═════ Excerpted records ═════

(* Let $p$ be a prime, $n$ a natural number, and let $A$ be either a pre-Lie ring or a left brace of cardinality $p^n$ which is both left nilpotent and right nilpotent. Then $A^{[(n+1)^{n+1}]}=0$.
   Context: A (left) brace is a set $A$ with binary operations $+,\circ$ such that $(A,+)$ is an abelian group, $(A,\circ)$ is a group, and $a\circ(b+c)+a=a\circ b+a\circ c$; write $a*b=a\circ b-a-b$. A pre-Lie ring is an abelian group $(A,+)$ with a biadditive product $\cdot$ satisfying $(x\cdot y)\cdot z-x\cdot(y\cdot z)=(y\cdot x)\cdot z-y\cdot(x\cdot z)$. Let $\star$ denote $*$ for braces and $\cdot$ for pre-Lie rings; for additive subgroups $X,Y$, $X\star Y$ is the additive subgroup generated by $\{x\star y\}$. Set $A^1=A^{(1)}=A^{[1]}=A$, $A^{i+1}=A\star A^i$, $A^{(i+1)}=A^{(i)}\star A$, $A^{[i+1]}=\sum_{j=1}^{i}A^{[j]}\star A^{[i+1-j]}$. $A$ is left nilpotent if $A^m=0$ for some $m$, right nilpotent if $A^{(m)}=0$ for some $m$. *)

From HB Require Import structures.
From mathcomp Require Import all_boot all_order all_algebra.
Set Implicit Arguments. Unset Strict Implicit. Unset Printing Implicit Defensive.
Import GRing.Theory.
Local Open Scope ring_scope.

Section Defs.
Variable V : finZmodType.

Definition is_addsub (H : {set V}) : bool :=
  (0 \in H) && [forall x in H, forall y in H, (x - y) \in H].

═════

_Work instructions_. The records above, in their entirety, need to be set down again exactly.

_Response below_.
(* Let $p$ be a prime, $n$ a natural number, and let $A$ be either a pre-Lie ring or a left brace of cardinality $p^n$ which is both left nilpotent and right nilpotent. Then $A^{[(n+1)^{n+1}]}=0$.
   Context: A (left) brace is a set $A$ with binary operations $+,\circ$ such that $(A,+)$ is an abelian group, $(A,\circ)$ is a group, and $a\circ(b+c)+a=a\circ b+a\circ c$; write $a*b=a\circ b-a-b$. A pre-Lie ring is an abelian group $(A,+)$ with a biadditive product $\cdot$ satisfying $(x\cdot y)\cdot z-x\cdot(y\cdot z)=(y\cdot x)\cdot z-y\cdot(x\cdot z)$. Let $\star$ denote $*$ for braces and $\cdot$ for pre-Lie rings; for additive subgroups $X,Y$, $X\star Y$ is the additive subgroup generated by $\{x\star y\}$. Set $A^1=A^{(1)}=A^{[1]}=A$, $A^{i+1}=A\star A^i$, $A^{(i+1)}=A^{(i)}\star A$, $A^{[i+1]}=\sum_{j=1}^{i}A^{[j]}\star A^{[i+1-j]}$. $A$ is left nilpotent if $A^m=0$ for some $m$, right nilpotent if $A^{(m)}=0$ for some $m$. *)

From HB Require Import structures.
From mathcomp Require Import all_boot all_order all_algebra.
Set Implicit Arguments. Unset Strict Implicit. Unset Printing Implicit Defensive.
Import GRing.Theory.
Local Open Scope ring_scope.

Section Defs.
Variable V : finZmodType.

Definition is_addsub (H : {set V}) : bool :=
  (0 \in H) && [forall x in H, forall y in H, (x - y) \in H].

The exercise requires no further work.